British Company Mettis Aerospace Set to Become the World’s First Wi-Fi 6-enabled ‘Smart Factory’

6 months ago by Luke James

Using Wi-Fi 6, an aerospace plant in the UK is set to become the world's first 'smart factory' when trials begin in Q3/4 2019. Following the deployment of this major technological leap forward in the IoT, the manufacturing industry could benefit heavily.

Singapore's Wireless Broadband Alliance (WBA), an organisation that supports the deployment of next-gen Wi-Fi, Wi-Fi 6, has recently announced the world's first enterprise-level and IoT trial using it.

UK-based firm Mettis Aerospace Limited, a manufacturer of precision-forged and sub-assembled components for the aerospace and defence industries operating out of Redditch, will test several use cases on a Wi-Fi 6 network at their West Midlands manufacturing facility.

 

What is Wi-Fi 6?

IEEE's latest standard, 802.11ax (or, Wi-Fi 6) represents the next generation of Wi-Fi technology. Featuring higher data rates, better performance in environments with several connected devices, and optimised power efficiency make it ideal for the challenges posed by the rapid growth of the IoT.

Each new Wi-Fi standard has brought with it huge leaps forward in terms of performance. The latest Wi-Fi iteration, 802.11ac (or, Wi-Fi 5) has a maximum rate, theoretically, of 1.3Gbps. While this is certainly impressive, it is far from being enough to keep pace with demand.

802.11ax is designed specifically for areas of high density. Think airports, trains, shopping malls, and, of course, the IoT. While 802.11ac is more than suitable for your average home or apartment building, 802.11ax will be a welcome addition to any heavy-usage home.

 

Image courtesy of Mettis Aerospace.

 

How Does Wi-Fi 6 Work?

802.11ax uses known wireless technology and techniques and combines them in a way that manages to achieve a significant advancement over previous Wi-Fi standards. Despite this, it is still backwards compatible with 802.11ac and 802.11n.

Since 802.11ax enables more data to be transmitted per packet through higher order QAM modulation, it provides a near-40 per cent increase in throughput. Due to this QAM modulation, broader channels are created that can be split into sub-channels, increasing the number of channels available at any given time. More channels mean that endpoints have a clearer path to the access point, improving throughput.

Additionally, 802.11ax allows for MU-MIMO for up to eight simultaneous streams. This streamlines the downloading process from an access point to the end-user. Each MU-MIMO stream can be split into four additional streams, too, thanks to orthogonal frequency division multiple access (OFDMA).

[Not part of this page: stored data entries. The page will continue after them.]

Lemma amalgamation_relations_fin_gen :
  coherent_ring A -> coherent_module (fun _ => True) fact b ->
  forall N (t : 'I_N -> A * B), (forall k, S (t k)) ->
  fin_gen (fun _ => True) (fun a (v : 'rV[A]_N) => a *: v)
    (relations (fun _ => True) amalg_act t).
Proof.
move=> cohA cohb N t St.
pose a j := (t j).1; pose x j := (t j).2 - f (t j).1.
have bx j : b (x j) by apply/amalgamationP.
have /fin_gen_row_spanP[q [G relG]] :=
  coherent_relations_fin_gen (is_subring_True A) (mul_action A) cohA (s := a) (fun _ => I).
pose w k := lincomb fact x (row k G).
have /fin_gen_row_spanP[p [H relH]] := coherent_relations_fin_gen (is_subring_True A)
  (rmorph_mul_action f) cohb (s := w) (fun k => ideal_lincomb _ bx).
have lincomb_w d : lincomb fact x (d *m G) = lincomb fact w d.
  by rewrite (lincomb_mulmx (rmorph_mul_action f)).
apply/fin_gen_row_spanP; exists p, (H *m G) => c; rewrite amalgamation_relationsP; split.
  move=> [ca cx].
  have /relG[d _ cd] : relations (fun _ => True) *%R a c by apply/relationsP.
  move: cx; rewrite cd lincomb_w => dw.
  have /relH[e _ ->] : relations (fun _ => True) fact w d by apply/relationsP.
  by exists e; rewrite // mulmxA.
move=> [e _ ->]; rewrite mulmxA.
have /relH/relationsP[_ eH0] : row_span (fun _ => True) H (e *m H) by exists e.
have /relG/relationsP[_ eHG0] : row_span (fun _ => True) G (e *m H *m G) by exists (e *m H).
by rewrite lincomb_w.
Qed.

Section Generators.
Variables (p : nat) (y : 'I_p -> B).
Hypothesis b_y : forall x, b x <-> span (fun _ => True) fact y x.

Definition amalg_gen (o : 'I_p.+1) : A * B :=
  if unlift ord0 o is Some l then (0, y l) else 1.

Lemma amalgamation_gen o : S (amalg_gen o).
Proof.
rewrite /amalg_gen; case: unlift => [l|]; last exact: (subring1 amalgamation_subring).
apply/amalgamationP; rewrite /= rmorph0 subr0.
exact/b_y/(span_mem (is_subring_True A) (rmorph_mul_action f)).
Qed.

Lemma amalgamation_span_gen u :
  S u -> span (fun _ => True) amalg_act amalg_gen u.
Proof.
move=> /amalgamationP/b_y[d [_ ud]].
exists (fun o => if unlift ord0 o is Some l then d l else u.1); split=> //.
rewrite big_ord_recl /amalg_gen unlift_none mulr1.
rewrite (eq_bigr (fun l => amalg_incl (d l) * (0, y l))) => [|l _]; last by rewrite liftK.
rewrite [LHS]surjective_pairing [RHS]surjective_pairing /= !raddf_sum /=.
rewrite -ud big1 ?addr0 => [|l _]; last exact: mulr0.
by rewrite addrC subrK.
Qed.

End Generators.

End Amalgamation.

Unset Implicit Arguments.
Set Strict Implicit.

Theorem proposition4p14 (A B : comPzRingType) (f : {rmorphism A -> B})
  (b : B -> Prop) (hb : is_ideal b) :
  (coherent_subring (amalgamation f b) -> coherent_ring A) /\
  (coherent_ring A ->
   coherent_module (fun _ : A => True) (fun (a : A) (x : B) => f a * x) b ->
   coherent_subring (amalgamation f b)).
Proof.
split=> [|cohA cohb].
  exact: coherent_ring_retract (amalgamation_subring f hb) (amalgamation_incl f hb)
    (amalg_inclK f).
have [[p [y b_y]] _] := cohb.
exact: coherent_subring_module_finite (amalgamation_subring f hb)
  (amalgamation_incl f hb) (amalgamation_gen hb b_y) (amalgamation_span_gen b_y)
  (amalgamation_relations_fin_gen hb cohA cohb).
Qed.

Perhaps most important, however, is that all Wi-Fi 6 products will support WPA3. Although this is not officially part of the Wi-Fi 6 standard, it could well end up being so. WPA3 eliminates unencrypted wireless communications between compatible devices, even on public networks with open access points. It does this by encrypting each end user's connection to the access point with a per-client key, eliminating the risk of HTTP traffic being compromised.

 

 

 

Image courtesy of Pixabay.

 

Why Was Mettis Chosen to Trial Wi-Fi 6?

The size of Mettis' 27-acre manufacturing facility played a huge role here. Due to the sheer size of the facility, Mettis faces lots of connectivity problems, signal disruption and industrial radio interference being two examples.

As the world's first 'test bunny', Mettis will test out digital manufacturing technologies such as real-time equipment monitoring, low-latency communications using sensors on important systems, and multi-stream live video monitoring on an 802.11ax network. This will allow for troubleshooting and further development of Wi-Fi 5's successor.

“We’re delighted to be the first aerospace company to trial Wi-Fi 6. By working with the WBA, we’re able to gain access to dozens of leading vendors and operators in the Wi-Fi arena,” said the head of IT at Mettis Aerospace, Dave Green. “Industrial manufacturers work in incredibly complex environments, which can make cellular technologies challenging to deploy and operate effectively. We believe that Wi-Fi 6 has a significant role to play within the 5G ecosystem, enabling a range of, cost-effective, industrial applications.”

Wi-Fi 6 is positioned to support the deployment of cost-effective connectivity for industrial enterprises using the latest security capabilities. It is the diverse range of use cases at Mettis' 27-acre facility and huge data potential that sealed the deal for the WBA.

 

When Will the Trial Begin?

At present, trials are expected to commence during the latter-half of 2019.

WBA's trial at Mettis Aerospace is supported by several big-name WBA members. These include Broadcom, BT, BSG Wireless, Cisco, and Intel. This trial should demonstrate the role that Wi-Fi 6 will play as part of the wider 5G ecosystem and we can't wait to see what comes of it.